_Problem requirements_
When every entry has been read, print each one back exactly.

_Recorded data_
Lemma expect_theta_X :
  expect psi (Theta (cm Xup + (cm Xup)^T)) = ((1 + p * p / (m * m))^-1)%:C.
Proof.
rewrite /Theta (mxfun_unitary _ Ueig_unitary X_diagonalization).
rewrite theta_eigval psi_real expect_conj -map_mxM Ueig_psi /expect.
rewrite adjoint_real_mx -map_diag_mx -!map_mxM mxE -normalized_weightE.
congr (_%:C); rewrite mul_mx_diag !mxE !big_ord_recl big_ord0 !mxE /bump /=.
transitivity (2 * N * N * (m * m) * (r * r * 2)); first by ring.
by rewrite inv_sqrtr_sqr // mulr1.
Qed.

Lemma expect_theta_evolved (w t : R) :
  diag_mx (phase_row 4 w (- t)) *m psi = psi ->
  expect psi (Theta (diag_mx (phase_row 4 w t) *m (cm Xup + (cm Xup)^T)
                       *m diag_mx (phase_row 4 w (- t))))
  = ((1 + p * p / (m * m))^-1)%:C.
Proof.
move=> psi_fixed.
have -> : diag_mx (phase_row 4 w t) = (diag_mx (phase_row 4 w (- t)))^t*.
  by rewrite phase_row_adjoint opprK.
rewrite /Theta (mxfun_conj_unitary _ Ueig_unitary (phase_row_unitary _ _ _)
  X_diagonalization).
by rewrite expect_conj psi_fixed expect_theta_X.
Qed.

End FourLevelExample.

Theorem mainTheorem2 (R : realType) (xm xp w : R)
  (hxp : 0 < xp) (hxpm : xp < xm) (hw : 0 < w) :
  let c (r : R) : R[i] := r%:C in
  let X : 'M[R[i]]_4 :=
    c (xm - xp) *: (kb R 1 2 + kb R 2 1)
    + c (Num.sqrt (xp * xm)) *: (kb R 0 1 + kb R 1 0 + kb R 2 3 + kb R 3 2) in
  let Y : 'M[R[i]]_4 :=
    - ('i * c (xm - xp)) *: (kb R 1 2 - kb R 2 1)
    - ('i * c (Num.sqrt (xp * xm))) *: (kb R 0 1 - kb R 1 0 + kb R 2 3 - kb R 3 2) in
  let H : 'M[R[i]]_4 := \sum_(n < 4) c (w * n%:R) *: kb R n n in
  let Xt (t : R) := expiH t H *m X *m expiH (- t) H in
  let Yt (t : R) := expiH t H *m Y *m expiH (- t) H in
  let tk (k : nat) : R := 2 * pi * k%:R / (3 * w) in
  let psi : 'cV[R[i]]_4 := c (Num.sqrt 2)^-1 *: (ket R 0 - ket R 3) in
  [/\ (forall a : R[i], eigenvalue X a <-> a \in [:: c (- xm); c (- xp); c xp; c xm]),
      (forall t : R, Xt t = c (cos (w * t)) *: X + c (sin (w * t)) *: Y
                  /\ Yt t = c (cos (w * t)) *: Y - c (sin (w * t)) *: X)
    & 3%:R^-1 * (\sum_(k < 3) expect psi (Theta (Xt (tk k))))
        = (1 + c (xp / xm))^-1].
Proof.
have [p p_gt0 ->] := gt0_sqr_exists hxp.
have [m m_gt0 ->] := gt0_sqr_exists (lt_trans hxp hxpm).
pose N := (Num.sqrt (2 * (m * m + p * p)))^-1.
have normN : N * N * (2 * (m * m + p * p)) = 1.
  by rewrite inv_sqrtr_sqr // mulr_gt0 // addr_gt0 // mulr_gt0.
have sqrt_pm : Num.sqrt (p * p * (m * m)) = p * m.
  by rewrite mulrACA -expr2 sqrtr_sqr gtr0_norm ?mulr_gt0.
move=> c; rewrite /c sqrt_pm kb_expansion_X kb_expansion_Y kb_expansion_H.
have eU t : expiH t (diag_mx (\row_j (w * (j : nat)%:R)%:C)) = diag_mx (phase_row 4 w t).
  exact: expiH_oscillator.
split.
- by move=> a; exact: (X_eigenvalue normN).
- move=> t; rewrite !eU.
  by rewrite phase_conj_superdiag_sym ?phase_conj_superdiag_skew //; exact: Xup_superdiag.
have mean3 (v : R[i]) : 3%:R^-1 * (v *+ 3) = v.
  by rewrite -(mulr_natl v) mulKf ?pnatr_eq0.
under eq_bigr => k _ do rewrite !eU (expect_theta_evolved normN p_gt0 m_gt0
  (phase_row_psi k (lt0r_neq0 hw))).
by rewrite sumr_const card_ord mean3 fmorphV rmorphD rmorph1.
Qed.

_Exercise output_
Lemma expect_theta_X :
  expect psi (Theta (cm Xup + (cm Xup)^T)) = ((1 + p * p / (m * m))^-1)%:C.
Proof.
rewrite /Theta (mxfun_unitary _ Ueig_unitary X_diagonalization).
rewrite theta_eigval psi_real expect_conj -map_mxM Ueig_psi /expect.
rewrite adjoint_real_mx -map_diag_mx -!map_mxM mxE -normalized_weightE.
congr (_%:C); rewrite mul_mx_diag !mxE !big_ord_recl big_ord0 !mxE /bump /=.
transitivity (2 * N * N * (m * m) * (r * r * 2)); first by ring.
by rewrite inv_sqrtr_sqr // mulr1.
Qed.

Lemma expect_theta_evolved (w t : R) :
  diag_mx (phase_row 4 w (- t)) *m psi = psi ->
  expect psi (Theta (diag_mx (phase_row 4 w t) *m (cm Xup + (cm Xup)^T)
                       *m diag_mx (phase_row 4 w (- t))))
  = ((1 + p * p / (m * m))^-1)%:C.
Proof.
move=> psi_fixed.
have -> : diag_mx (phase_row 4 w t) = (diag_mx (phase_row 4 w (- t)))^t*.
  by rewrite phase_row_adjoint opprK.
rewrite /Theta (mxfun_conj_unitary _ Ueig_unitary (phase_row_unitary _ _ _)
  X_diagonalization).
by rewrite expect_conj psi_fixed expect_theta_X.
Qed.

End FourLevelExample.

Theorem mainTheorem2 (R : realType) (xm xp w : R)
  (hxp : 0 < xp) (hxpm : xp < xm) (hw : 0 < w) :
  let c (r : R) : R[i] := r%:C in
  let X : 'M[R[i]]_4 :=
    c (xm - xp) *: (kb R 1 2 + kb R 2 1)
    + c (Num.sqrt (xp * xm)) *: (kb R 0 1 + kb R 1 0 + kb R 2 3 + kb R 3 2) in
  let Y : 'M[R[i]]_4 :=
    - ('i * c (xm - xp)) *: (kb R 1 2 - kb R 2 1)
    - ('i * c (Num.sqrt (xp * xm))) *: (kb R 0 1 - kb R 1 0 + kb R 2 3 - kb R 3 2) in
  let H : 'M[R[i]]_4 := \sum_(n < 4) c (w * n%:R) *: kb R n n in
  let Xt (t : R) := expiH t H *m X *m expiH (- t) H in
  let Yt (t : R) := expiH t H *m Y *m expiH (- t) H in
  let tk (k : nat) : R := 2 * pi * k%:R / (3 * w) in
  let psi : 'cV[R[i]]_4 := c (Num.sqrt 2)^-1 *: (ket R 0 - ket R 3) in
  [/\ (forall a : R[i], eigenvalue X a <-> a \in [:: c (- xm); c (- xp); c xp; c xm]),
      (forall t : R, Xt t = c (cos (w * t)) *: X + c (sin (w * t)) *: Y
                  /\ Yt t = c (cos (w * t)) *: Y - c (sin (w * t)) *: X)
    & 3%:R^-1 * (\sum_(k < 3) expect psi (Theta (Xt (tk k))))
        = (1 + c (xp / xm))^-1].
Proof.
have [p p_gt0 ->] := gt0_sqr_exists hxp.
have [m m_gt0 ->] := gt0_sqr_exists (lt_trans hxp hxpm).
pose N := (Num.sqrt (2 * (m * m + p * p)))^-1.
have normN : N * N * (2 * (m * m + p * p)) = 1.
  by rewrite inv_sqrtr_sqr // mulr_gt0 // addr_gt0 // mulr_gt0.
have sqrt_pm : Num.sqrt (p * p * (m * m)) = p * m.
  by rewrite mulrACA -expr2 sqrtr_sqr gtr0_norm ?mulr_gt0.
move=> c; rewrite /c sqrt_pm kb_expansion_X kb_expansion_Y kb_expansion_H.
have eU t : expiH t (diag_mx (\row_j (w * (j : nat)%:R)%:C)) = diag_mx (phase_row 4 w t).
  exact: expiH_oscillator.
split.
- by move=> a; exact: (X_eigenvalue normN).
- move=> t; rewrite !eU.
  by rewrite phase_conj_superdiag_sym ?phase_conj_superdiag_skew //; exact: Xup_superdiag.
have mean3 (v : R[i]) : 3%:R^-1 * (v *+ 3) = v.
  by rewrite -(mulr_natl v) mulKf ?pnatr_eq0.
under eq_bigr => k _ do rewrite !eU (expect_theta_evolved normN p_gt0 m_gt0
  (phase_row_psi k (lt0r_neq0 hw))).
by rewrite sumr_const card_ord mean3 fmorphV rmorphD rmorph1.
Qed.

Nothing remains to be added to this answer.